A place of worship –old with the new

In the second day of The Warehouse’s second CLAD (Community Listening and Discernment) we visited places of worship in the city bowl and I was struck by the diversity of the churches in the city. We first talked and prayed for Common Ground Inner city church. A colleague gave us the brief history of this young church plant (5 years old). The question this church seeks to address: “how does the place of worship become a space of inclusion and serving the marginalized in the city?”

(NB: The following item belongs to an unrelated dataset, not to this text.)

(* Let $h$ be sufficiently small and $T$ an interface element (curve or line variant). For arbitrary points $\overline X_i\in l$, $i\in\mathcal I$, define for $s=\pm$ and $X\in T_p^s$ $$\boldsymbol\Lambda_s(X)=\sum_{i\in\mathcal I}(M_i-X)\phi^s_{i,T}(X)+\sum_{i\in\mathcal I^{s'}}(\overline M^s(F)-I)^T(M_i-\overline X_i)\phi^s_{i,T}(X)+\sum_{i\in\mathcal I^{int}}\frac1{|b_i|}\int_{b_i\cap T^{s'}}(\overline M^s(F)-I)^T(P-\overline X_i)\,ds(P)\,\phi^s_{i,T}(X),$$ and $\boldsymbol\Lambda=\boldsymbol\Lambda_+$ on $T_p^+$, $\boldsymbol\Lambda=(\overline M^+(F))^T\boldsymbol\Lambda_-$ on $T_p^-$. Then $\boldsymbol\Lambda\in[S_h^{int}(T)]^2$ and $\int_{b_i}\boldsymbol\Lambda\,ds=\mathbf 0$ for every $i\in\mathcal I$.
   Context: Standard setting. $\Omega\subset\mathbb R^2$ is a bounded domain that is a finite union of rectangles, separated by a curve $\Gamma$ into open subdomains $\Omega^+,\Omega^-$ with $\overline\Omega=\overline{\Omega^+}\cup\overline{\Omega^-}\cup\Gamma$; $\beta^\pm>0$ are constants and $\rho=\beta^-/\beta^+$. $\mathcal T_h$ is a Cartesian mesh of $\Omega$ made either of rectangles or of triangles (Cartesian rectangles cut along a diagonal), with maximal edge length $h$. An element $T$ is an interface element if its interior meets $\Gamma$. The mesh satisfies: (H1) $\Gamma$ does not intersect an edge of any element at more than two points unless the edge is part of $\Gamma$; (H2) if $\Gamma$ meets the boundary of an element at two points, they lie on different edges; (H3) $\Gamma$ is piecewise $C^2$ and $\Gamma\cap T$ is $C^2$ for every interface element $T$; (H4) $PC^2_{int}(T)$ is dense in $PH^2_{int}(T)$ for every interface element $T$. On an interface element $T$, $D,E$ are the two points of $\Gamma\cap\partial T$, $l$ is the segment $DE$, $\bar{\mathbf n}=(\bar n_x,\bar n_y)^T$ is a unit normal to $l$, and $T^\pm=T\cap\Omega^\pm$. IFE setting. Let $T$ be an interface element with edges $b_i$, $i\in\mathcal I=\{1,\dots,N\}$ ($N=3$ for triangles, $N=4$ for rectangles) and midpoints $M_i$ of $b_i$. $\Pi_T=\mathrm{span}\{1,x,y\}$ (Crouzeix–Raviart, triangles) or $\Pi_T=\mathrm{span}\{1,x,y,x^2-y^2\}$ (rotated-$Q_1$, rectangles). Set $\mathcal I^s=\{i:b_i\subseteq\overline{T^s}\}$, $\mathcal I^{int}=\{i: b_i\cap T^+\ne\emptyset\text{ and }b_i\cap T^-\ne\emptyset\}$ ($s=\pm$); $s'$ denotes the sign opposite to $s$. One of two variants is fixed: (curve) a point $F\in\Gamma\cap T$, $F\neq D,E$, $\mathbf v(F)=\mathbf n(F)$ the unit normal to $\Gamma$ at $F$ oriented so that $\bar{\mathbf n}\cdot\mathbf n(F)>0$, and $T_p^\pm=T^\pm$; (line) a point $F\in l$, $\mathbf v(F)=\bar{\mathbf n}$, and $T_p^\pm$ are the two parts into which $l$ cuts $T$, $T_p^s$ being the one on the same side of $l$ as $\partial T\cap \overline{T^s}$. An IFE function on $T$ is a function $\phi_T$ with $\phi_T|_{T_p^s}=\phi_T^s$, $\phi_T^s\in\Pi_T$ ($s=\pm$), satisfying (J1) $\phi_T^-=\phi_T^+$ on $l$, and additionally $\partial_{xx}\phi_T^-=\partial_{xx}\phi_T^+$ in the rotated-$Q_1$ case; (J2) $\beta^-\nabla\phi_T^-(F)\cdot\mathbf v(F)=\beta^+\nabla\phi_T^+(F)\cdot\mathbf v(F)$. $S_h^{int}(T)$ denotes the linear space of IFE functions on $T$, and $\phi_{i,T}$, $i\in\mathcal I$, are the IFE functions with $\frac1{|b_j|}\int_{b_j}\phi_{i,T}\,ds=\delta_{ij}$ (they exist and are unique for $h$ small enough); $\phi^s_{i,T}\in\Pi_T$ is the polynomial piece of $\phi_{i,T}$ on $T^s_p$, regarded as a polynomial on all of $\mathbb R^2$. With $\mathbf v(F)=(v_x,v_y)^T$ and $r_s=\beta^s/\beta^{s'}$, $$\overline M^s(F)=\frac{1}{\bar{\mathbf n}\cdot\mathbf v(F)}\begin{pmatrix}\bar n_yv_y+r_s\bar n_xv_x & (r_s-1)\bar n_xv_y\\ (r_s-1)\bar n_yv_x & \bar n_xv_x+r_s\bar n_yv_y\end{pmatrix}.$$ *)

From Stdlib Require Import Reals Lra ClassicalEpsilon.
Open Scope R_scope.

Then, a few miles away from this church plant, we found another church housing a Welfare and Development program. Because it was Ascension Day, all the other staff had a day off, but the caretaker was on duty. I conversed with him about the joys and challenges he is facing at his work/worship place. He mentioned long hours and a sense of not being appreciated for what he does. This led me to ask myself the question: “what things are present in our places of worship which are not appreciated?”

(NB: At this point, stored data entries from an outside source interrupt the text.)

Lemma max_transfer : PG E y q ->
  exists t, [/\ 0 <= t <= 1, PG E y (transfer q t k k0) &
                forall t', t < t' <= 1 -> ~ PG E y (transfer q t' k k0)].
Proof.
move=> [dq [fdq qE]].
have flowsP t d : 0 <= t <= 1 -> flow E d -> (forall j, transfer q t k k0 j = outflow y d j) ->
    transfer_flows (rV_of_flow d).
  by move=> t01 fd dE; apply/transfer_flowsP; rewrite rV_of_flowK; split=> //; exists t.
have nonempty : transfer_flows !=set0.
  exists (rV_of_flow dq); apply: (flowsP 0) => //; first by rewrite lexx ler01.
  by move=> j; rewrite /transfer mul0r addr0; exact: qE.
have bounded : transfer_flows `<=` [set v | forall a, `[0, 1] (v ord0 a)].
  move=> v /transfer_flowsP[fv _] a; case/mxvec_indexP: a => i j.
  by rewrite /= in_itv /= (flow_ge0 fv) (flow_le1 fv).
have compact_flows : compact transfer_flows.
  apply: subclosed_compact closed_transfer_flows _ bounded.
  exact: (rV_compact (fun=> @segment_compact R 0 1)).
have [v /set_mem vA vmax] := compact_EVT_max nonempty compact_flows
  (continuous_subspaceT (@continuous_outflow k)).
have /transfer_flowsP [fv [t t01 vE]] := vA.
exists t; split=> // [|t' /andP[tt' t'1] [d' [fd' d'E]]]; first by exists (flow_of_rV v).
have {}d'E : forall j, transfer q t' k k0 j = outflow y d' j := d'E.
have t'01 : 0 <= t' <= 1 by case/andP: t01 => t0 _; rewrite t'1 andbT; lra.
have := vmax _ (mem_set (flowsP t' d' t'01 fd' d'E)).
by rewrite rV_of_flowK -vE -d'E !transfer_l // lerD2l leNgt tt'.
Qed.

So the journey led me to reflect about the resources the congregation have that they are taking for granted. It seems both ignorance and zeal cause people to “miss” or not to appreciate what they have. This makes them unable to act from a place of contentment and gratitude.

The conversation with the caretaker was informative and even though it was not the reason we went to that particular church, it did become the chief reflection for me. Our agenda was to go and listen to the organisation and pray for them. The caretaker reflected briefly about how a change of management in the institution/organisation can bring good things and one must be able to adapt to the new changes and be able to blend the old with the new.

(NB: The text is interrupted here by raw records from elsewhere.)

Lemma card_toset n s : uniq s -> all (fun x => x <= n) s -> #|toset n s| = size s.
Proof.
move=> us /allP sn.
have -> : toset n s = [set i in [seq (inord x : 'I_n.+1) | x <- s]].
  apply/setP => i; rewrite !inE; apply/idP/mapP.
  - by move=> h; exists (nat_of_ord i) => //; rewrite inord_val.
  - by case=> x xs ->; rewrite inordK // ltnS sn.
rewrite cardsE (card_uniqP _) ?size_map // map_inj_in_uniq // => x y xs ys e.
by rewrite -(@inordK n x) ?ltnS ?sn // e inordK // ltnS sn.
Qed.

Lemma shiftv_Posz n s t : 0 < n ->
  shiftv n [seq Posz x | x <- s] (Posz t) = [seq wrap n (x + t) | x <- s].
Proof.
by move=> n_gt0; rewrite /shiftv -map_comp; apply: eq_map => x /=; rewrite -PoszD red_Posz.
Qed.

Lemma toset_shiftv n s t : 0 < n -> all (fun x => x <= n) s ->
  toset n (shiftv n [seq Posz x | x <- s] (Posz t)) = rot t (toset n s).
Proof.
move=> n_gt0 /allP sn; rewrite shiftv_Posz //; apply/setP => i.
rewrite inE; apply/mapP/imsetP.
- case=> x xs ix; exists (inord x : 'I_n.+1); first by rewrite inE inordK // ltnS sn.
  by apply: val_inj; rewrite /= val_inord_wrap // inordK // ltnS sn.
- by case=> j; rewrite inE => js ->; exists (nat_of_ord j); rewrite ?val_inord_wrap.
Qed.

Lemma mem_rot_toset n s x t : 0 < n -> x \in s -> x <= n ->
  (inord (wrap n (x + t)) : 'I_n.+1) \in rot t (toset n s).
Proof.
move=> n_gt0 xs xn; have -> : x = nat_of_ord (inord x : 'I_n.+1) by rewrite inordK.
by apply: imset_f; rewrite inE inordK.
Qed.

Lemma inGtotP n k g : 0 < n -> 0 < k -> inGtot n k g ->
  exists c m, [/\ g = rcons [seq Posz x | x <- c] m, size c = k.-1,
                  all (fun x => 0 < x) c & sumn c < n].
Proof.
move=> n_gt0 k_gt0 [sig [_ sig_le [c [sc sigE c_range ->]]]].
subst sig.
exists c; eexists; split; [by [] | by [] | |].
  by apply/allP => x /(allP c_range) /andP [].
suff : 0 < (n + k.-1) %/ k by lia.
by rewrite divn_gt0 //; lia.
Qed.

Section BaseSet.

Variables (n k : nat) (c : seq nat).
Hypotheses (n_gt0 : 0 < n) (k_gt0 : 0 < k) (sc : size c = k.-1).
Hypotheses (c_gt0 : all (fun x => 0 < x) c) (cn : sumn c < n).

Lemma rep_nat_le : all (fun x => x <= n) (rep_nat k c).
Proof. by apply/allP => x /(allP (rep_nat_range k cn)) /andP []. Qed.

Lemma hyperedge_rep_nat : hyperedge n k (toset n (rep_nat k c)).
Proof.
rewrite /hyperedge card_toset ?size_rep_nat ?eqxx ?rep_nat_uniq ?rep_nat_le //=.
by apply: toset_on_vertices; apply/allP => x /(allP (rep_nat_range k cn)) /andP [].
Qed.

Next we went to St Andrew’s Presbyterian Church, a beautiful building which was built in 1828. It has stained glass windows and is dedicated to different people who have served the church. My colleague picked up a pew leaflet to see the current membership and leadership of church and to read about the diversity of the church. My suspicion was that the church has become a community for foreign nationals (mainly from other parts of Africa) who have made this church their home. This building reflected the idea of the old with the new.

The question of how to serve the marginalised was depicted by St Andrew’s willingness to have offices space for Straatwerk. Straatwerk is an organization that has evolved from Friday nights reaching out to people living on the streets to becoming a training ground for the marginalised in the city. The partnership of Straatwerk as the new organization with the old congregation like St Andrew’s helps to prove the wisdom of the caretaker. I was stunned by the simplicity of the caretaker and yet his profound wisdom.

How is it possible to blend the old with the new, for example, the caretaker being the property manager? A caretaker is usually thought of as someone who is the security for the building, and the one who opens and locks the building. He also is someone who cares for the property’s garden.

Have we (the community of faith) thought of how we can up skill caretakers to be property managers?